After running the Lositan program five times, a total of 1,852 outlier SNPs were screened from the 46,187 SNPs (Fig. 5), while only four outlier SNPs were screened by BayeScan software. Thus, these two F_ST-based methods successfully uncovered 1,852 outlier SNPs, which were used for subsequent analysis of the local adaptation of P. echinogaster.

Blast2GO was used to annotate the SLAF tags containing the 1,852 outlier SNPs. A total of 604 SLAF tags containing outlier SNPs were successfully annotated. GO functional classification was further applied using Blast2GO, in which 453 SLAF tags containing outlier SNPs could be assigned to 30 GO terms. The successfully annotated SLAF tags were related to multiple biological processes, molecular functions, and cellular components (Fig. 6). The biological processes mainly included cell processes, metabolic processes, and biological regulatory processes. The molecular functions mainly included molecular binding, catalytic activity, and transport activity. The cellular components mainly included cellular components, cells, and organelles. Moreover, 194 SLAF tags containing outlier SNPs were assigned to 249 metabolic pathways (Table. S1). These pathways were primarily related to material metabolism, ion transport, breeding, stress reactions, and inflammatory reactions.

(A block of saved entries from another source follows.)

Lemma cube_gap_count_absurd s k L u : 8 * ((k + s) * (k + s)) < s * s * s ->
  L * L <= s -> s < L.+1 * L.+1 -> 2 * s <= u ->
  u * (L * s) <= u * k + k * (3 * L * L - L) -> False.
Proof.
move=> ks Ls sL su count.
have gap := gap_ineq ks Ls sL.
have s9 := cube_gap_ge9 ks.
have kLs : k <= L * s.
  rewrite leqNgt; apply/negP => Lsk.
  have : L * s * (L * s) < k * k by apply: ltn_mul.
  have : s * s * s <= 8 * (L * L) * (s * s).
    by rewrite [s * s * s]mulnC leq_mul //; move: sL Ls; clear; nia.
  nia.
have e1 : u * (L * s - k) <= k * (3 * L * L - L).
  by rewrite mulnBr; move: count; move: (u * (L * s)) (u * k) (k * _); clear; lia.
have e2 : 2 * s * (L * s - k) <= u * (L * s - k) by apply: leq_mul.
have e3 : 2 * s * (L * s - k) + k * (2 * s) = 2 * L * (s * s).
  by rewrite [k * _]mulnC -mulnDr subnK //; clear; nia.
rewrite mulnDr in gap.
move: gap e1 e2 e3; move: (k * _) (2 * s * _) (u * _) (k * (2 * s)) (2 * L * _).
clear; lia.
Qed.

Import Order.TTheory GRing.Theory Num.Theory.
Local Open Scope ring_scope.

Lemma real_gap_cube (R : realType) (d k : nat) :
  (k%:R : R) < d%:R - 2 * (d%:R `^ (2 / 3 : R)) ->
  (k < d)%N /\ (8 * ((k + (d - k)) * (k + (d - k))) < (d - k) * (d - k) * (d - k))%N.
Proof.
set x : R := d%:R; set a : R := x `^ (2 / 3) => H.
have a0 : 0 <= a by apply: powR_ge0.
have a3 : a ^+ 3 = x ^+ 2.
  by rewrite -powR_mulrn ?ler0n // /a -powRrM -powR_mulrn ?ler0n // divfK ?pnatr_eq0.
have kd : (k < d)%N.
  by rewrite -(ltr_nat R); apply: lt_le_trans H _; rewrite lerBlDr lerDl mulr_ge0.
split => //; rewrite subnKC ?(ltnW kd) // -(ltr_nat R).
have -> : ((8 * (d * d))%:R : R) = (2 * a) ^+ 3 by rewrite exprMn a3 -!natrX -natrM.
have -> : (((d - k) * (d - k) * (d - k))%:R : R) = (x - k%:R) ^+ 3.
  by rewrite -natrB ?(ltnW kd) // -natrX !expnS expn0 muln1 mulnA.
by rewrite ltrXn2r ?mulr_ge0 ?subr_ge0 ?ler_nat ?(ltnW kd) // ltrBrDr addrC -ltrBrDr.
Qed.

Theorem mainTheorem2 (R : realType) (T : finType) (e : rel T) (K : eqType)
    (c : T -> T -> K) :
  symmetric e -> irreflexive e -> proper_edge_coloring e c ->
  (2 * mindeg e <= #|T|)%N ->
  exists M : seq (T * T), rainbow_matching e c M /\
    (mindeg e)%:R - 2 * ((mindeg e)%:R `^ (2 / 3 : R)) <= (size M)%:R.
Proof.
move=> e_sym e_irr [c_sym c_proper] n_ge.
have [M rbM maxM] := arg_maxnP (fun S : {set T * T} => #|S|) (rainbow0 e c).
case: (lerP ((mindeg e)%:R - 2 * ((mindeg e)%:R `^ (2 / 3 : R))) #|M|%:R) => [large|small].
  by exists (enum M); split; [apply: rainbow_matching_enum | rewrite -cardE].
have [kd cube] := real_gap_cube small; exfalso.
have [L /andP[Ls sL]] := floor_sqrt (mindeg e - #|M|).
have L2 : (2 <= L)%N by have := cube_gap_ge9 cube; move: sL; clear; nia.
have count := levels_count e_sym e_irr c_sym c_proper rbM maxM L2 (@mindeg_le T e).
have room : (2 * (mindeg e - #|M|) <= #|uncovered M|)%N.
  by rewrite (card_uncovered e_irr rbM); move: n_ge kd; clear; lia.
exact: (cube_gap_count_absurd cube Ls sL room count).
Qed.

Compared with traditional molecular markers, SNPs can be typed across the whole genome with more simplified genome sequencing technology, and they can reveal more sophisticated genetic information in evolutionary biology, especially for species with insignificant genetic differences. Previous studies on the genetic structure of P. echinogaster populations were mainly based on ecological characteristics [35, 36], mitochondrial DNA sequences [16], or small numbers of microsatellite loci [16, 17]. The development of population genetics research in P. echinogaster was restricted by the limited number of genetic markers, and therefore studies on the genetic structure of some populations have yielded different results. It is difficult to detect adaptive characteristics related to the habitats of P. echinogaster populations by traditional molecular markers [37]. Therefore, in this study, we used genome-wide SNPs obtained from SLAF-seq to analyze and evaluate the genetic structure and habitat adaptation characteristics in regionally represented samples of P. echinogaster we collected from coastal waters of China.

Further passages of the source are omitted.